My doctor is I would say the best in Toronto, or one of the best and I fully trust this procedure. I decided not to get my breasts done even though I breastfed for 3 years in total and they probably need it but I just wasn't ready to commit mentally to having implants. And so, in the future if I feel they bother me, I will. But for now, I have to do what makes me sad, and what makes me feel like I am not me. The Tummy Tuck. So the plan for the next 3 1/2 weeks is to lose 10 pounds. I know. sounds impossible, but I am going to give it my all, at least an 8 pound loss would be perfect. My biggest concern is that I am not skinny enough to see great results and that I might regret not loosing more. I am 5'7 and 145 pounds and carry it all in my stomach and back. Does anyone feel that being skinnier makes the surgery look better? Also, any suggestions on what bedside items I should be packing? I am staying with my in laws for the first week without any other help and want to be as prepared as I can `to need the least amount of help possible. Thanks for listening and I will post pictures tomorrow!!!!
Okay, after seing all of your posts today I feel...
- 12 Nov 2012
- 24 days pre
Okay, lets talk about the pictures. DAMN it's so much worse than I thought. Looking at it I can't believe its me.
And no C-section. My skin just decided to hang like that all by itself. But at the same time super refreshing to have finally taken pictures of it and as others have said I hope I can look back and thank the lord I had the tummy tuck.
SO... now that the tummy tuck is approaching, I feel like I can't wait another minute! I just can't immagine if I hadn't booked it and wasn't going through with it how depressed I would be right now.
Thinking of all the things I want for myself I ran 5k tonite and hope to keep running. Like I said, I am worried I am not skinny enough to see the best results. Oh well, can only do my best.
After my surgery I am staying at my husbands parents. I don't know why the thought of this makes me just want to cry like my 4 year old, but I do. I just have this visual of being proped up on the couch in extreme pain with my father in law forcing me to watch hours and hour of tennis while he complains and breathes too close. His breath is going to kill me this time I know it.
No but siriously, I love them and all but when you are that sick, you don't want to me stuck somewhere other than home.

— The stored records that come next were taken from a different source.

Lemma subdivision_cat {a c b n1 t1 n2 t2} :
  subdivision a c n1 t1 -> subdivision c b n2 t2 -> exists t,
  subdivision a b (n1 + n2) t /\
  chord_sum (n1 + n2) t = chord_sum n1 t1 + chord_sum n2 t2.
Proof.
move=> [a1 c1 incr1] [c2 b2 incr2].
pose t k := if (k <= n1)%N then t1 k else t2 (k - n1)%N.
have tl k : (k <= n1)%N -> t k = t1 k by rewrite /t => ->.
have tr k : (n1 <= k)%N -> t k = t2 (k - n1)%N.
  rewrite /t => n1k; case: ifP => // kn1.
  have -> : k = n1 by apply/eqP; rewrite eqn_leq n1k kn1.
  by rewrite c1 subnn c2.
exists t; split; first split.
- by rewrite tl.
- by rewrite tr ?leq_addr // addKn.
- move=> k kn; case: (ltnP k n1) => kn1.
    by rewrite (tl k) ?(ltnW kn1) // (tl k.+1) //; exact: incr1.
  by rewrite (tr k) // (tr k.+1) ?(leq_trans kn1) // subSn //; apply: incr2;
    rewrite ltn_subLR.
rewrite /chord_sum big_split_ord /=; congr (_ + _); apply: eq_bigr => i _ /=.
  by rewrite !tl // ltnW.
rewrite (tr (n1 + i)%N) ?leq_addr // (tr (n1 + i).+1)%N; last first.
  by rewrite ltnW // ltnS leq_addr.
by rewrite -addnS !addKn.
Qed.

Lemma subdivision_constant {c1 c2} : c1 <= c2 -> g c1 = g c2 ->
  exists n t, subdivision c1 c2 n t /\ chord_sum n t = 0.
Proof.
move=> c12 g12; have [<-|c1_neq_c2] := eqVneq c1 c2.
  by exists 0%N, (fun _ => c1); rewrite /chord_sum big_ord0.
exists 1%N, (fun k => if k is 0%N then c1 else c2); split.
  by split => // -[|k] //; rewrite lt_neqAle c1_neq_c2.
by rewrite /chord_sum big_ord1 /= g12 subrr enorm0.
Qed.

Lemma subdivision_extend {a b n q} :
  a < q 0%N -> q n < b -> (forall k, (k < n)%N -> q k < q k.+1) ->
  exists t, subdivision a b n.+2 t /\ chord_sum n q <= chord_sum n.+2 t.
Proof.
move=> aq qb q_incr.
pose t k := if k is k'.+1 then (if (k' <= n)%N then q k' else b) else a.
exists t; split; first split => //.
- by rewrite /t ltnn.
- case=> [|k] kn; first by rewrite /t leq0n.
  rewrite /t; case: (ltnP k n) => kn'; first by rewrite (ltnW kn'); exact: q_incr.
  have -> : k = n by apply/eqP; rewrite eqn_leq kn' andbT -ltnS.
  by rewrite leqnn.
rewrite /chord_sum big_ord_recl big_ord_recr /=.
have -> : \sum_(i < n) enorm (g (t (bump 0 i).+1) - g (t (bump 0 i))) =
          \sum_(k < n) enorm (g (q k.+1) - g (q k)).
  by apply: eq_bigr => i _; rewrite /t /bump /= add1n ltn_ord (ltnW (ltn_ord i)).
by rewrite addrCA lerDl addr_ge0 // enorm_ge0.
Qed.

Lemma chord_sum_le_length n t :
  is_partition n t -> ((chord_sum n t)%:E <= curve_length g)%E.
Proof. by move=> t_part; apply: ereal_sup_ubound; exists n, t. Qed.

Lemma enorm_le_length : ((enorm (g 1 - g 0))%:E <= curve_length g)%E.
Proof.
have -> : enorm (g 1 - g 0) = chord_sum 1 (fun k => if k is 0%N then 0 else 1).
  by rewrite /chord_sum big_ord1.
by apply: chord_sum_le_length; split => //; split => // -[|k].
Qed.

End ChordSums.

Section Subarcs.
Context {R : realType} {d : nat} (g : R -> 'rV[R]_d) (s s' : R).
Hypotheses (s_ge0 : 0 <= s) (s_lt_s' : s < s') (s'_le1 : s' <= 1).

Definition subarc (t : R) : 'rV[R]_d := g (s + (s' - s) * t).

Lemma subarc_param_ge {t} : 0 <= t -> s <= s + (s' - s) * t.
Proof. by move=> t0; rewrite lerDl mulr_ge0 // subr_ge0 ltW. Qed.

Lemma subarc_param_le {t} : t <= 1 -> s + (s' - s) * t <= s'.
Proof. by move=> t1; rewrite -lerBrDl ler_piMr // subr_ge0 ltW. Qed.

Lemma subarc_param_incr {t u} : t < u -> s + (s' - s) * t < s + (s' - s) * u.
Proof. by move=> tu; rewrite ltrD2l ltr_pM2l // subr_gt0. Qed.
(* For every $n\in\mathbb{N}$, $g\big[\mathbf{RP}_n(\mathbb{R})\big] > \frac{1}{641}\,n^{1.669}$.
   Context: For an $n\times n$ complex matrix $A=(a_{i,j})$, Gaussian elimination without pivoting is the recursion $a^{(1)}_{i,j}=a_{i,j}$ and $a^{(k+1)}_{i,j}=a^{(k)}_{i,j}-a^{(k)}_{i,k}a^{(k)}_{k,j}/a^{(k)}_{k,k}$ for $k+1\le i,j\le n$, $k=1,\dots,n-1$ (defined when all pivots $a^{(k)}_{k,k}\neq0$). The growth factor is $g(A)=\max_{i,j,k}|a^{(k)}_{i,j}|/\max_{i,j}|a_{i,j}|$. For $S\subseteq\mathbb{C}$, $\mathbf{RP}_n(S)$ (rook pivoted matrices) is the set of invertible $A\in S^{n\times n}$ for which elimination without pivoting is defined and $|a^{(k)}_{i,k}|\le|a^{(k)}_{k,k}|$ and $|a^{(k)}_{k,j}|\le|a^{(k)}_{k,k}|$ for all $k$ and all $i,j\ge k$. For a set $\mathbf{X}$ of matrices, $g[\mathbf{X}]=\sup_{A\in\mathbf{X}}g(A)$. *)

From HB Require Import structures.
From mathcomp Require Import all_boot all_order all_algebra.
From mathcomp Require Import all_classical all_reals all_analysis.
Set Implicit Arguments. Unset Strict Implicit. Unset Printing Implicit Defensive.
Import Order.TTheory GRing.Theory Num.Theory.
Local Open Scope ring_scope.

Section GE.
Variable R : realType.
Variable n : nat.

Definition ge_step (A : 'M[R]_n) (k : nat) : 'M[R]_n :=
  if @insub nat (fun m => (m < n)%N) 'I_n k is Some p then
  \matrix_(i, j)
    if (p < i)%N && (p < j)%N then
      A i j - A i p * A p j / A p p
    else A i j
  else A.

(* ge_iter A k = a^(k+1) in the paper's 1-based notation. *)
Fixpoint ge_iter (A : 'M[R]_n) (k : nat) : 'M[R]_n :=
  match k with
  | 0 => A
  | k'.+1 => ge_step (ge_iter A k') k'
  end.

Definition ge_defined (A : 'M[R]_n) : Prop :=
  forall k : 'I_n, ge_iter A k k k != 0.

Definition max_entry (A : 'M[R]_n) : R :=
  \big[Num.max/0]_(i < n) \big[Num.max/0]_(j < n) `|A i j|.

Definition max_all_stages (A : 'M[R]_n) : R :=
  \big[Num.max/0]_(k < n) \big[Num.max/0]_(i < n | (k <= i)%N)
     \big[Num.max/0]_(j < n | (k <= j)%N) `|ge_iter A k i j|.

Definition growth_factor (A : 'M[R]_n) : R := max_all_stages A / max_entry A.

Definition rook_pivoted (A : 'M[R]_n) : Prop :=
  A \in unitmx /\ ge_defined A /\
  forall k : 'I_n,
    (forall i : 'I_n, (k <= i)%N -> `|ge_iter A k i k| <= `|ge_iter A k k k|) /\
    (forall j : 'I_n, (k <= j)%N -> `|ge_iter A k k j| <= `|ge_iter A k k k|).

(* g[RP_n(R)] as an extended real supremum (could a priori be +oo). *)
Definition growth_RP : \bar R :=
  ereal_sup [set (growth_factor A)%:E | A in [set A | rook_pivoted A]].

End GE.

(* If A = L U with L unit lower triangular, U upper triangular
   with nonzero diagonal, then the k-th stage of elimination on A is the
   Schur complement (sum_{l >= k} L_il U_lj)_{i,j >= k}; in particular its
   pivots are U_kk, its pivot column is L_ik U_kk and its pivot row is U_kj.
   Hence A is rook pivoted as soon as |L_ij| <= 1 and each row of U is
   dominated by its diagonal entry, and if moreover |A_ij| <= 1 then
   g(A) >= |U_kk| for every k.  We package these conditions, together with a
   lower bound g on the last pivot, as a "growth certificate" of size N.

   Certificates are closed under Kronecker products (sizes and bounds
   multiply) and under padding with a leading 1 x 1 identity block.  An
   explicit 40 x 40 certificate with last pivot > 473, given by integer
   tables and checked by computation, therefore yields certificates of every
   size n with 40^k <= n < 40^(k+1) and bound 473^k.  Finally
   40^1.669 <= 473 (checked as 40^1669 <= 473^1000) and 641 > 473 give
   n^1.669 / 641 < 473^(k+1) / 641 < 473^k. *)
From Stdlib Require Import ZArith.
From mathcomp Require Import all_boot all_order all_algebra.
From mathcomp Require Import all_classical all_reals all_analysis.
From mathcomp Require Import zify ssrZ.
Import Order.TTheory GRing.Theory Num.Theory.
Set Implicit Arguments. Unset Strict Implicit. Unset Printing Implicit Defensive.
Local Open Scope ring_scope.

Section LUFactorization.
Variable R : realType.

(* Matrices are given by their entries as functions on nat x nat, which
   makes Kronecker products and block padding easy to describe. *)
Definition lu_entry (n : nat) (L U : nat -> nat -> R) (i j : nat) : R :=
  \sum_(l < n) L i l * U l j.

Definition lu_matrix (n : nat) (L U : nat -> nat -> R) : 'M[R]_n :=
  \matrix_(i, j) lu_entry n L U i j.

(* Entries of the trailing product sum_{l >= k} L_il U_lj; by the Schur
   complement formula this is the k-th elimination stage of L U. *)
Definition lu_tail (n : nat) (L U : nat -> nat -> R) (k i j : nat) : R :=
  \sum_(l < n | (k <= l)%N) L i l * U l j.

Lemma lu_tail_split n L U k i j : (k < n)%N ->
  lu_tail n L U k i j = L i k * U k j + lu_tail n L U k.+1 i j.
Proof.
move=> kn; rewrite /lu_tail (bigD1 (Ordinal kn)) //=; congr (_ + _).
by apply: eq_bigl => l; rewrite ltn_neqAle andbC eq_sym.
Qed.

Section Elimination.
Variables (n : nat) (L U : nat -> nat -> R).
Hypothesis L_upper0 : forall i j, (i < n)%N -> (j < n)%N -> (i < j)%N -> L i j = 0.
Hypothesis L_diag1 : forall i, (i < n)%N -> L i i = 1.
Hypothesis U_lower0 : forall i j, (i < n)%N -> (j < n)%N -> (j < i)%N -> U i j = 0.
Hypothesis U_diag_neq0 : forall i, (i < n)%N -> U i i != 0.

Let A := lu_matrix n L U.

(* The k-th elimination stage of L U is the product of the trailing parts
   of L and U: eliminating the pivot k removes exactly the term l = k. *)
Lemma ge_iter_lu k (i j : 'I_n) : (k <= i)%N -> (k <= j)%N ->
  ge_iter A k i j = lu_tail n L U k i j.
Proof.
elim: k i j => [|k IH] i j ki kj; first by rewrite /= mxE; apply: eq_bigl.
have kn : (k < n)%N := ltn_trans ki (ltn_ord i).
rewrite /= /ge_step (insubT (fun m => (m < n)%N) kn) mxE /= ki kj /=.
rewrite !IH ?(ltnW ki) ?(ltnW kj) // -[nat_of_ord (Sub k kn : 'I_n)]/k.
have tail_col m : lu_tail n L U k.+1 m k = 0.
  by apply: big1 => l kl; rewrite U_lower0 ?mulr0.
have tail_row m : lu_tail n L U k.+1 k m = 0.
  by apply: big1 => l kl; rewrite L_upper0 ?mul0r.
rewrite !(lu_tail_split _ _ _ _ kn) tail_col !tail_row !addr0.
by rewrite L_diag1 // !mul1r mulrAC mulfK ?U_diag_neq0 // addrC addKr.
Qed.

(* In stage k the pivot column and the pivot row only retain the term l = k. *)
Lemma ge_iter_lu_col (k i : 'I_n) : (k <= i)%N -> ge_iter A k i k = L i k * U k k.
Proof.
move=> ki; rewrite ge_iter_lu // lu_tail_split // /lu_tail big1 ?addr0 // => l kl.
by rewrite U_lower0 ?mulr0.
Qed.

Lemma ge_iter_lu_row (k j : 'I_n) : (k <= j)%N -> ge_iter A k k j = U k j.
Proof.
move=> kj; rewrite ge_iter_lu // lu_tail_split // /lu_tail big1 ?addr0 ?L_diag1 ?mul1r //.
by move=> l kl; rewrite L_upper0 ?mul0r.
Qed.

Lemma ge_iter_lu_pivot (k : 'I_n) : ge_iter A k k k = U k k.
Proof. exact: ge_iter_lu_row. Qed.

Lemma lu_matrix_unit : A \in unitmx.
Proof.
have -> : A = (\matrix_(i < n, j < n) L i j) *m (\matrix_(i < n, j < n) U i j).
  by apply/matrixP => i j; rewrite !mxE; apply: eq_bigr => l _; rewrite !mxE.
rewrite unitmxE det_mulmx -[X in _ * \det X]trmxK det_tr !det_trig.
- rewrite unitfE mulf_neq0 //; apply/prodf_neq0 => i _; rewrite !mxE.
    by rewrite L_diag1 // oner_neq0.
  exact: U_diag_neq0.
- by apply/is_trig_mxP => i j ij; rewrite !mxE U_lower0.
- by apply/is_trig_mxP => i j ij; rewrite !mxE L_upper0.
Qed.

Hypothesis L_bounded : forall i j, (i < n)%N -> (j < n)%N -> `|L i j| <= 1.
Hypothesis U_row_dominated :
  forall i j, (i < n)%N -> (j < n)%N -> `|U i j| <= `|U i i|.

(* Bounded multipliers and diagonally dominated rows of U make every pivot
   maximal in its row and column: L U is rook pivoted. *)
Lemma lu_matrix_rook_pivoted : rook_pivoted A.
Proof.
split; first exact: lu_matrix_unit.
split; first by move=> k; rewrite ge_iter_lu_pivot U_diag_neq0.
move=> k; split => [i ki|j kj]; rewrite ge_iter_lu_pivot.
  by rewrite ge_iter_lu_col // normrM ler_piMl // L_bounded.
by rewrite ge_iter_lu_row // U_row_dominated.
Qed.

Hypothesis A_bounded :
  forall i j, (i < n)%N -> (j < n)%N -> `|lu_entry n L U i j| <= 1.

Lemma lu_matrix_growth (k : 'I_n) : `|U k k| <= growth_factor A.
Proof.
have n0 : (0 < n)%N by apply: leq_ltn_trans (ltn_ord k).
pose i0 : 'I_n := Ordinal n0.
have max_le1 : max_entry A <= 1.
  by apply: bigmax_le => // i _; apply: bigmax_le => // j _; rewrite mxE A_bounded.
have max_gt0 : 0 < max_entry A.
  apply: (@lt_le_trans _ _ `|A i0 i0|).
    by rewrite (ge_iter_lu_pivot i0) normr_gt0 U_diag_neq0.
  by apply: (bigmax_sup i0) => //; apply: (bigmax_sup i0).
have pivot_le : `|U k k| <= max_all_stages A.
  apply: (bigmax_sup k) => //; apply: (bigmax_sup k) => //.
  by apply: (bigmax_sup k) => //; rewrite ge_iter_lu_pivot.
rewrite /growth_factor ler_pdivlMr //; apply: le_trans pivot_le.
by rewrite ler_piMr.
Qed.

End Elimination.

(* The last pivot is tracked because it is
   multiplicative under Kronecker products. *)
Record growth_certificate (N : nat) (L U : nat -> nat -> R) (g : R) : Prop := {
  cert_size_gt0 : (0 < N)%N;
  cert_bound_ge0 : 0 <= g;
  cert_bound_le_pivot : g <= `|U N.-1 N.-1|;
  cert_L_upper0 : forall i j, (i < N)%N -> (j < N)%N -> (i < j)%N -> L i j = 0;
  cert_L_diag1 : forall i, (i < N)%N -> L i i = 1;
  cert_U_lower0 : forall i j, (i < N)%N -> (j < N)%N -> (j < i)%N -> U i j = 0;
  cert_U_diag_neq0 : forall i, (i < N)%N -> U i i != 0;
  cert_L_bounded : forall i j, (i < N)%N -> (j < N)%N -> `|L i j| <= 1;
  cert_U_row_dominated :
    forall i j, (i < N)%N -> (j < N)%N -> `|U i j| <= `|U i i|;
  cert_A_bounded :
    forall i j, (i < N)%N -> (j < N)%N -> `|lu_entry N L U i j| <= 1 }.

Lemma certificate_growth N L U g : growth_certificate N L U g ->
  rook_pivoted (lu_matrix N L U) /\ g <= growth_factor (lu_matrix N L U).
Proof.
case=> N0 _ g_le Lup Ld Ulow Ud Lb Udom Ab; split.
  exact: lu_matrix_rook_pivoted Lup Ld Ulow Ud Lb Udom.
have lastN : (N.-1 < N)%N by rewrite ltn_predL.
exact: le_trans g_le (lu_matrix_growth Lup Ld Ulow Ud Ab (Ordinal lastN)).
Qed.

Definition kron (p : nat) (F G : nat -> nat -> R) (i j : nat) : R :=
  F (i %/ p)%N (j %/ p)%N * G (i %% p)%N (j %% p)%N.

Lemma big_ord_mul_divmod m p (f g : nat -> R) : (0 < p)%N ->
  \sum_(l < m * p) f (l %/ p)%N * g (l %% p)%N =
  (\sum_(a < m) f a) * (\sum_(b < p) g b).
Proof.
move=> p0; elim: m => [|m IH]; first by rewrite mul0n !big_ord0 mul0r.
rewrite mulSnr big_split_ord /= IH big_ord_recr /= mulrDl; congr (_ + _).
rewrite big_distrr /=; apply: eq_bigr => b _.
by rewrite divnMDl // divn_small // addn0 modnMDl modn_small.
Qed.

Lemma lu_entry_kron m p L1 U1 L2 U2 i j : (0 < p)%N ->
  lu_entry (m * p) (kron p L1 L2) (kron p U1 U2) i j =
  lu_entry m L1 U1 (i %/ p) (j %/ p) * lu_entry p L2 U2 (i %% p) (j %% p).
Proof.
move=> p0; rewrite /lu_entry /kron.
under eq_bigr => l _ do rewrite mulrACA.
exact: (big_ord_mul_divmod _ (fun a => L1 _ a * U1 a _) (fun b => L2 _ b * U2 b _)).
Qed.

Lemma ltn_divmod p i j : (i < j)%N ->
  (i %/ p < j %/ p)%N \/ ((i %/ p)%N = (j %/ p)%N /\ (i %% p < j %% p)%N).
Proof.
move=> ij; have := divn_eq i p; have := divn_eq j p.
have := leq_div2r p (ltnW ij).
case: (ltngtP (i %/ p)%N (j %/ p)%N) => [h|h|h]; first by left.
  by move=> /=; lia.
by right; split => //; lia.
Qed.

(* Kronecker products of certificates are certificates: triangularity,
   the bounds on L and on L U, and row dominance of U are all preserved by
   products of entries, and the last pivot of the product is the product of
   the last pivots. *)
Lemma certificate_kron m p L1 U1 g1 L2 U2 g2 :
  growth_certificate m L1 U1 g1 -> growth_certificate p L2 U2 g2 ->
  growth_certificate (m * p) (kron p L1 L2) (kron p U1 U2) (g1 * g2).
Proof.
case=> m0 g10 g1_le L1up L1d U1low U1d L1b U1dom A1b.
case=> p0 g20 g2_le L2up L2d U2low U2d L2b U2dom A2b.
have div_lt i : (i < m * p)%N -> (i %/ p < m)%N by rewrite ltn_divLR.
have mod_lt i : (i %% p < p)%N by rewrite ltn_pmod.
split.
- by rewrite muln_gt0 m0.
- exact: mulr_ge0.
- have -> : (m * p).-1 = m.-1 * p + p.-1 by nia.
  rewrite /kron divnMDl // divn_small ?addn0 ?modnMDl ?modn_small ?ltn_predL //.
  by rewrite normrM ler_pM.
- move=> i j im jm /(ltn_divmod p) [lt_div | [eq_div lt_mod]]; rewrite /kron.
    by rewrite L1up ?mul0r ?div_lt.
  by rewrite L2up ?mulr0.
- by move=> i im; rewrite /kron L1d ?L2d ?mulr1 ?div_lt.
- move=> i j im jm /(ltn_divmod p) [lt_div | [eq_div lt_mod]]; rewrite /kron.
    by rewrite U1low ?mul0r ?div_lt.
  by rewrite U2low ?mulr0.
- by move=> i im; rewrite /kron mulf_neq0 ?U1d ?U2d ?div_lt.
- move=> i j im jm; rewrite /kron normrM mulr_ile1 ?normr_ge0 //.
    by rewrite L1b ?div_lt.
  by rewrite L2b.
- move=> i j im jm; rewrite /kron !normrM ler_pM ?normr_ge0 //.
    by rewrite U1dom ?div_lt.
  by rewrite U2dom.
- move=> i j im jm; rewrite lu_entry_kron // normrM mulr_ile1 ?normr_ge0 //.
    by rewrite A1b ?div_lt.
  by rewrite A2b.
Qed.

Unfortunately for me, my surgery is in Toronto but I do not live there and I have 3 young kids (7,4,2) that have to stay home with my husband.) Yup, I am going to the hospital with my mom who is going to be in Toronto for a conference, she is dropping me off and then I am on my own until the inlaws come to get me the next day. And I swear to god if they drive in Toronto the way they usually do (motherin law pulling a full stop on the highway to try and get on a missed ramp) I may lose it!
But this is the sacrifice I am making to have the tummy tuck. I keep tellikng myself, "I am a grown woman, I can do this, my mother in law cares and I will be fine."
But why is it that I keep having visuals of calling for my father in law because I am stuck on the can??!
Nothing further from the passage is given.